──────── INPUT DATA ────────

(* In the two-period, two-sequence crossover design ($T=2$, $\mathcal{S}^{\mathrm{obs}}=\{AB,BA\}$, $N_{AB},N_{BA}\ge1$) under complete randomization, suppose Assumption 1 holds. Then the only unbiased linear estimator of $\tau_1$ is $\widehat Y_1(AB)-\widehat Y_1(BA)$, and for each $z\in\{A,B\}$ there is no unbiased linear estimator of $\tau_2(z)$ nor of $\tau_2^1(z)$.
   Context: Setup: $N$ units, treatments $A,B$, $T$ periods; sequences $\vec z\in\{A,B\}^T$, $\vec z_{[t_1,t_2]}=z_{t_1}\cdots z_{t_2}$. Complete randomization: fixed positive group sizes $N_{\vec z}$ for $\vec z\in\mathcal{S}^{\mathrm{obs}}$ summing to $N$, assignment uniform over assignments with these group sizes. Fixed potential outcomes $Y_{it}(\vec z)$ for all $\vec z\in\{A,B\}^T$ (including unimplemented sequences); observed $Y_{it}=Y_{it}(\vec Z_i)$; randomness only from assignment. $\bar Y_t(\vec z)=N^{-1}\sum_iY_{it}(\vec z)$, $\widehat Y_t(\vec z)=N_{\vec z}^{-1}\sum_iY_{it}\mathbf1(\vec Z_i=\vec z)$. Assumption 1 (no anticipation): $Y_{it}(\vec z)=Y_{it}(\vec z')$ whenever $\vec z_{[1,t]}=\vec z'_{[1,t]}$. Estimands: $\tau_1=\bar Y_1(A)-\bar Y_1(B)$, $\tau_2(z_1)=\bar Y_2(z_1A)-\bar Y_2(z_1B)$, $\tau_2^1(z_2)=\bar Y_2(Az_2)-\bar Y_2(Bz_2)$. A linear estimator is $\sum_{t=1}^2\sum_{\vec z\in\mathcal{S}^{\mathrm{obs}}}\tilde w_t(\vec z)\widehat Y_t(\vec z)$ with non-random real weights; it is unbiased for an estimand if its expectation equals the estimand for every finite population of potential outcomes satisfying the stated assumptions. *)

From HB Require Import structures.
From mathcomp Require Import all_boot all_order all_algebra.
Set Implicit Arguments. Unset Strict Implicit. Unset Printing Implicit Defensive.
Import Order.TTheory GRing.Theory Num.Theory.
Local Open Scope ring_scope.

Inductive trt := A | B.

Definition trt2bool (x : trt) : bool := if x is A then true else false.
Definition bool2trt (b : bool) : trt := if b then A else B.
Lemma trt2boolK : cancel trt2bool bool2trt. Proof. by case. Qed.
HB.instance Definition _ := Finite.copy trt (can_type trt2boolK).

Definition tseq := (trt * trt)%type.
Definition AB : tseq := (A, B).
Definition BA : tseq := (B, A).

Definition Sobs : seq tseq := [:: AB; BA].

Notation Nunits nAB nBA := (nAB + nBA)%N.

(* Potential outcomes Y_{it}(z), periods t = 1, 2 (as nat), all z in {A,B}^2. *)
Definition pot_out (R : Type) (N : nat) := 'I_N -> nat -> tseq -> R.

(* Assumption 1 (no anticipation) for T = 2: for t = 1 the potential outcome
   depends only on z_1; for t = 2 the condition z_[1,2] = z'_[1,2] is z = z'
   and hence vacuous. *)
Definition no_anticipation (R : Type) (N : nat) (Y : pot_out R N) : Prop :=
  forall (i : 'I_N) (z z' : tseq), z.1 = z'.1 -> Y i 1%N z = Y i 1%N z'.

Definition Nz (nAB nBA : nat) (z : tseq) : nat :=
  if z == AB then nAB else if z == BA then nBA else 0%N.

Definition admissible (nAB nBA : nat) (Z : {ffun 'I_(Nunits nAB nBA) -> tseq}) : bool :=
  [forall i, Z i \in Sobs] &&
  (#|[set i | Z i == AB]| == nAB) && (#|[set i | Z i == BA]| == nBA).

Definition Expect (R : fieldType) (nAB nBA : nat)
    (f : {ffun 'I_(Nunits nAB nBA) -> tseq} -> R) : R :=
  (#|[pred Z | @admissible nAB nBA Z]|%:R)^-1 *
  \sum_(Z | @admissible nAB nBA Z) f Z.

Definition Ybar (R : fieldType) (N : nat) (Y : pot_out R N) (t : nat) (z : tseq) : R :=
  (N%:R)^-1 * \sum_(i < N) Y i t z.

Definition Yhat (R : fieldType) (nAB nBA : nat) (Y : pot_out R (Nunits nAB nBA))
    (Z : {ffun 'I_(Nunits nAB nBA) -> tseq}) (t : nat) (z : tseq) : R :=
  ((Nz nAB nBA z)%:R)^-1 *
  \sum_(i < Nunits nAB nBA) (Y i t (Z i) * (Z i == z)%:R).

Definition lin_est (R : fieldType) (nAB nBA : nat) (w : nat -> tseq -> R)
    (Y : pot_out R (Nunits nAB nBA)) (Z : {ffun 'I_(Nunits nAB nBA) -> tseq}) : R :=
  \sum_(t <- [:: 1%N; 2%N]) \sum_(z <- Sobs) w t z * Yhat Y Z t z.

Definition unbiased (R : fieldType) (nAB nBA : nat) (w : nat -> tseq -> R)
    (tau : pot_out R (Nunits nAB nBA) -> R) : Prop :=
  forall Y : pot_out R (Nunits nAB nBA), no_anticipation Y ->
    Expect (fun Z => lin_est w Y Z) = tau Y.

Definition tau1 (R : fieldType) (N : nat) (Y : pot_out R N) : R :=
  Ybar Y 1%N (A, A) - Ybar Y 1%N (B, B).
Definition tau2 (R : fieldType) (N : nat) (z1 : trt) (Y : pot_out R N) : R :=
  Ybar Y 2%N (z1, A) - Ybar Y 2%N (z1, B).
Definition tau21 (R : fieldType) (N : nat) (z2 : trt) (Y : pot_out R N) : R :=
  Ybar Y 2%N (A, z2) - Ybar Y 2%N (B, z2).

(* Relabelling units by a permutation preserves complete randomization, so every
   unit receives sequence z in the same number of admissible assignments, namely a
   fraction N_z / N of them; hence each \hat Y_t(z) with z observed is unbiased for
   \bar Y_t(z) and a linear estimator has mean \sum_{t,z} w_t(z) \bar Y_t(z).
   Populations whose outcomes do not depend on the unit and whose period-1 outcome
   only depends on z_1 satisfy Assumption 1 and make this mean an arbitrary linear
   form in the values g(z_1) at t = 1 and h(z) at t = 2, with h(AA), h(BB) never
   observed. Matching it with tau_1 forces the weights, whereas tau_2(z) and
   tau_2^1(z) are nonzero on the population whose only nonzero outcome is
   h(zz) = 1, on which every linear estimator has mean 0. *)

From HB Require Import structures.
From mathcomp Require Import all_boot all_order all_algebra fingroup perm.
From mathcomp Require Import ring.
Set Implicit Arguments. Unset Strict Implicit.
Import Order.TTheory GRing.Theory Num.Theory.
Local Open Scope ring_scope.

Section CompleteRandomization.
Variables nAB nBA : nat.
Local Notation N := (Nunits nAB nBA).
Local Notation assignment := {ffun 'I_N -> tseq}.
Local Notation adm := (@admissible nAB nBA).

Definition relabel_units (s : {perm 'I_N}) (Z : assignment) : assignment :=
  [ffun k => Z (s k)].

Lemma admissible_relabel s Z : adm (relabel_units s Z) = adm Z.
Proof.
have card_relabel z : #|[set i | relabel_units s Z i == z]| = #|[set i | Z i == z]|.
  have -> : [set i | relabel_units s Z i == z] = s @^-1: [set i | Z i == z].
    by apply/setP=> k; rewrite !inE ffunE.
  exact/card_preimset/perm_inj.
rewrite /admissible !card_relabel; congr (_ && _ && _).
apply/forallP/forallP=> Zobs k; last by rewrite ffunE.
by have := Zobs (s^-1 k)%g; rewrite ffunE permKV.
Qed.

Lemma count_assigned_unit_invariant i j z :
  (\sum_(Z | adm Z) (Z i == z) = \sum_(Z | adm Z) (Z j == z))%N.
Proof.
have swapK : involutive (relabel_units (tperm i j)).
  by move=> Z; apply/ffunP=> k; rewrite !ffunE tpermK.
rewrite (reindex_inj (inv_inj swapK)) /=.
by apply: eq_big => Z; rewrite ?admissible_relabel // ffunE tpermL.
Qed.

Lemma count_assigned i z : z \in Sobs ->
  (N * \sum_(Z | adm Z) (Z i == z) = Nz nAB nBA z * #|[pred Z | adm Z]|)%N.
Proof.
move=> zobs.
have -> : (N * \sum_(Z | adm Z) (Z i == z) = \sum_(k < N) \sum_(Z | adm Z) (Z k == z))%N.
  rewrite -[X in (X * _)%N]card_ord -sum_nat_const.
  by apply: eq_bigr => k _; apply: count_assigned_unit_invariant.
rewrite exchange_big mulnC -sum_nat_const.
apply: eq_big => [Z | Z /andP[/andP[_ /eqP nAB_Z] /eqP nBA_Z]]; first by rewrite inE.
rewrite -(big_mkcond (fun k => Z k == z) (fun _ => 1%N)) /= sum1dep_card.
by move: zobs; rewrite !inE => /orP[] /eqP->; rewrite /Nz /= ?nAB_Z ?nBA_Z.
Qed.

Lemma admissible_exists : (0 < #|[pred Z | adm Z]|)%N.
Proof.
set Z0 := [ffun k : 'I_N => if (k < nAB)%N then AB else BA].
apply/card_gt0P; exists Z0; rewrite inE /admissible.
set first_units := [set i : 'I_N | (i < nAB)%N].
have card_first : #|first_units| = nAB.
  rewrite -sum1dep_card -(big_ord_widen _ (fun _ => 1%N) (leq_addr nBA nAB)).
  by rewrite sum_nat_const card_ord muln1.
have card_last : #|~: first_units| = nBA.
  by apply/eqP; rewrite -(eqn_add2l nAB) -{1}card_first cardsC card_ord.
have -> : [set i | Z0 i == AB] = first_units.
  by apply/setP=> i; rewrite !inE ffunE; case: (i < nAB)%N.
have -> : [set i | Z0 i == BA] = ~: first_units.
  by apply/setP=> i; rewrite !inE ffunE; case: (i < nAB)%N.
rewrite card_first card_last !eqxx !andbT.
by apply/forallP=> k; rewrite ffunE; case: (k < nAB)%N.
Qed.

Lemma eq_Expect (R : fieldType) (f g : assignment -> R) : f =1 g -> Expect f = Expect g.
Proof. by move=> fg; rewrite /Expect; congr (_ * _); apply: eq_bigr. Qed.

Lemma ExpectD (R : fieldType) (f g : assignment -> R) :
  Expect (fun Z => f Z + g Z) = Expect f + Expect g.
Proof. by rewrite /Expect big_split mulrDr. Qed.

Lemma ExpectZ (R : fieldType) (c : R) (f : assignment -> R) : Expect (fun Z => c * f Z) = c * Expect f.
Proof. by rewrite /Expect -mulr_sumr mulrCA. Qed.

Variable R : numFieldType.
Hypotheses (nAB_gt0 : (0 < nAB)%N) (nBA_gt0 : (0 < nBA)%N).

Lemma Expect_Yhat (Y : pot_out R N) t z : z \in Sobs ->
  Expect (fun Z => Yhat Y Z t z) = Ybar Y t z.
Proof.
move=> zobs; set M := #|[pred Z | adm Z]|.
have Nz_neq0 : (Nz nAB nBA z)%:R != 0 :> R.
  by rewrite pnatr_eq0 -lt0n; move: zobs; rewrite !inE => /orP[] /eqP->.
have N_neq0 : N%:R != 0 :> R by rewrite pnatr_eq0 -lt0n addn_gt0 nAB_gt0.
have M_neq0 : M%:R != 0 :> R by rewrite pnatr_eq0 -lt0n admissible_exists.
have count i : \sum_(Z | adm Z) ((Z i == z)%:R : R) = (Nz nAB nBA z * M)%:R / N%:R.
  by rewrite -natr_sum -(count_assigned i) // natrM mulrAC mulfV // mul1r.
have observed_term i (Z : assignment) :
    Y i t (Z i) * (Z i == z)%:R = Y i t z * (Z i == z)%:R.
  by case: eqP => [->|]; rewrite ?mulr0.
rewrite /Expect /Yhat /Ybar -/M.
under eq_bigr do under eq_bigr do rewrite observed_term.
rewrite -mulr_sumr exchange_big /=.
under eq_bigr => i _ do rewrite -mulr_sumr count.
by rewrite -mulr_suml; field; rewrite -natrD N_neq0 Nz_neq0 M_neq0.
Qed.

Lemma Expect_lin_est (w : nat -> tseq -> R) (Y : pot_out R N) :
  Expect (fun Z => lin_est w Y Z) =
  w 1%N AB * Ybar Y 1 AB + w 1%N BA * Ybar Y 1 BA +
  (w 2%N AB * Ybar Y 2 AB + w 2%N BA * Ybar Y 2 BA).
Proof.
have Expect_term c t z : z \in Sobs ->
    Expect (fun Z => c * Yhat Y Z t z) = c * Ybar Y t z.
  by move=> zobs; rewrite ExpectZ Expect_Yhat.
rewrite (eq_Expect (g := fun Z => w 1%N AB * Yhat Y Z 1 AB + w 1%N BA * Yhat Y Z 1 BA
  + (w 2%N AB * Yhat Y Z 2 AB + w 2%N BA * Yhat Y Z 2 BA))); last first.
  by move=> Z; rewrite /lin_est !big_cons !big_nil !addr0.
by rewrite !ExpectD !Expect_term // !inE eqxx ?orbT.
Qed.

End CompleteRandomization.

Lemma tau1_no_anticipation (R : fieldType) (N : nat) (Y : pot_out R N) :
  no_anticipation Y -> tau1 Y = Ybar Y 1 AB - Ybar Y 1 BA.
Proof.
move=> noant; rewrite /tau1 /Ybar.
by congr (_ * _ - _ * _); apply: eq_bigr => i _; apply: noant.
Qed.

Section UnitFreePopulations.
Variables (R : numFieldType) (nAB nBA : nat).
Hypotheses (nAB_gt0 : (0 < nAB)%N) (nBA_gt0 : (0 < nBA)%N).
Local Notation N := (Nunits nAB nBA).

Definition unit_free_pop (g : trt -> R) (h : tseq -> R) : pot_out R N :=
  fun _ t z => if t == 1%N then g z.1 else h z.

Lemma unit_free_pop_no_anticipation g h : no_anticipation (unit_free_pop g h).
Proof. by move=> i z z' z1E; rewrite /unit_free_pop /= z1E. Qed.

Lemma Ybar_unit_free_pop g h t z :
  Ybar (unit_free_pop g h) t z = if t == 1%N then g z.1 else h z.
Proof.
rewrite /Ybar sumr_const card_ord -[X in _ * X]mulr_natl mulKf //.
by rewrite pnatr_eq0 -lt0n addn_gt0 nAB_gt0.
Qed.

Lemma unbiased_unit_free_pop w tau : unbiased w tau -> forall g h,
  w 1%N AB * g A + w 1%N BA * g B + (w 2%N AB * h AB + w 2%N BA * h BA)
  = tau (unit_free_pop g h).
Proof.
move=> unb g h; rewrite -unb; last exact: unit_free_pop_no_anticipation.
by rewrite Expect_lin_est // !Ybar_unit_free_pop.
Qed.

Lemma unbiased_tau1 w : unbiased w (@tau1 R N) <->
  [/\ w 1%N AB = 1, w 1%N BA = -1, w 2%N AB = 0 & w 2%N BA = 0].
Proof.
split=> [unb | [w1AB w1BA w2AB w2BA] Y noant].
  have tau1E g h : tau1 (unit_free_pop g h) = g A - g B.
    by rewrite /tau1 !Ybar_unit_free_pop.
  have := unbiased_unit_free_pop unb (fun x => if x is A then 1 else 0) (fun _ => 0).
  have := unbiased_unit_free_pop unb (fun x => if x is A then 0 else 1) (fun _ => 0).
  have := unbiased_unit_free_pop unb (fun _ => 0) (fun s => if s is (A, B) then 1 else 0).
  have := unbiased_unit_free_pop unb (fun _ => 0) (fun s => if s is (B, A) then 1 else 0).
  rewrite !tau1E /= !mulr1 !mulr0 !addr0 ?add0r ?subr0 ?sub0r ?oppr0.
  by move=> -> -> -> ->.
rewrite Expect_lin_est // tau1_no_anticipation // w1AB w1BA w2AB w2BA.
by rewrite !mul0r !addr0 mul1r mulN1r.
Qed.

Lemma unbiased_unobserved_outcome w tau z : unbiased w tau ->
  tau (unit_free_pop (fun _ => 0) (fun s => (s == (z, z))%:R)) = 0.
Proof.
move=> unb; rewrite -(unbiased_unit_free_pop unb).
by case: z; rewrite /= !mulr0 !addr0.
Qed.

Lemma not_unbiased_tau2 z w : ~ unbiased w (@tau2 R N z).
Proof.
move=> /(unbiased_unobserved_outcome z) /eqP.
by rewrite /tau2 !Ybar_unit_free_pop; case: z; rewrite /= ?subr0 ?sub0r ?oppr_eq0 oner_eq0.
Qed.

Lemma not_unbiased_tau21 z w : ~ unbiased w (@tau21 R N z).
Proof.
move=> /(unbiased_unobserved_outcome z) /eqP.
by rewrite /tau21 !Ybar_unit_free_pop; case: z; rewrite /= ?subr0 ?sub0r ?oppr_eq0 oner_eq0.
Qed.

End UnitFreePopulations.

Theorem proposition4 (R : realFieldType) (nAB nBA : nat) :
  (0 < nAB)%N -> (0 < nBA)%N ->
  (forall w : nat -> tseq -> R,
     unbiased w (@tau1 R (Nunits nAB nBA)) <->
     [/\ w 1%N AB = 1, w 1%N BA = -1, w 2%N AB = 0 & w 2%N BA = 0]) /\
  (forall (z : trt) (w : nat -> tseq -> R),
     ~ unbiased w (@tau2 R (Nunits nAB nBA) z)) /\
  (forall (z : trt) (w : nat -> tseq -> R),
     ~ unbiased w (@tau21 R (Nunits nAB nBA) z)).
Proof.
move=> nAB_gt0 nBA_gt0; split; first exact: unbiased_tau1.
by split=> z w; [apply: not_unbiased_tau2 | apply: not_unbiased_tau21].
Qed.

────────

- EXERCISE GOAL
Copy out only the lines of the records above from the one with "z * (Z i == z)%:R." through the one with "Lemma Expect_lin_est (w", exactly as they stand, both included.

- ANSWER SPACE
    Y i t (Z i) * (Z i == z)%:R = Y i t z * (Z i == z)%:R.
  by case: eqP => [->|]; rewrite ?mulr0.
rewrite /Expect /Yhat /Ybar -/M.
under eq_bigr do under eq_bigr do rewrite observed_term.
rewrite -mulr_sumr exchange_big /=.
under eq_bigr => i _ do rewrite -mulr_sumr count.
by rewrite -mulr_suml; field; rewrite -natrD N_neq0 Nz_neq0 M_neq0.
Qed.

Lemma Expect_lin_est (w : nat -> tseq -> R) (Y : pot_out R N) :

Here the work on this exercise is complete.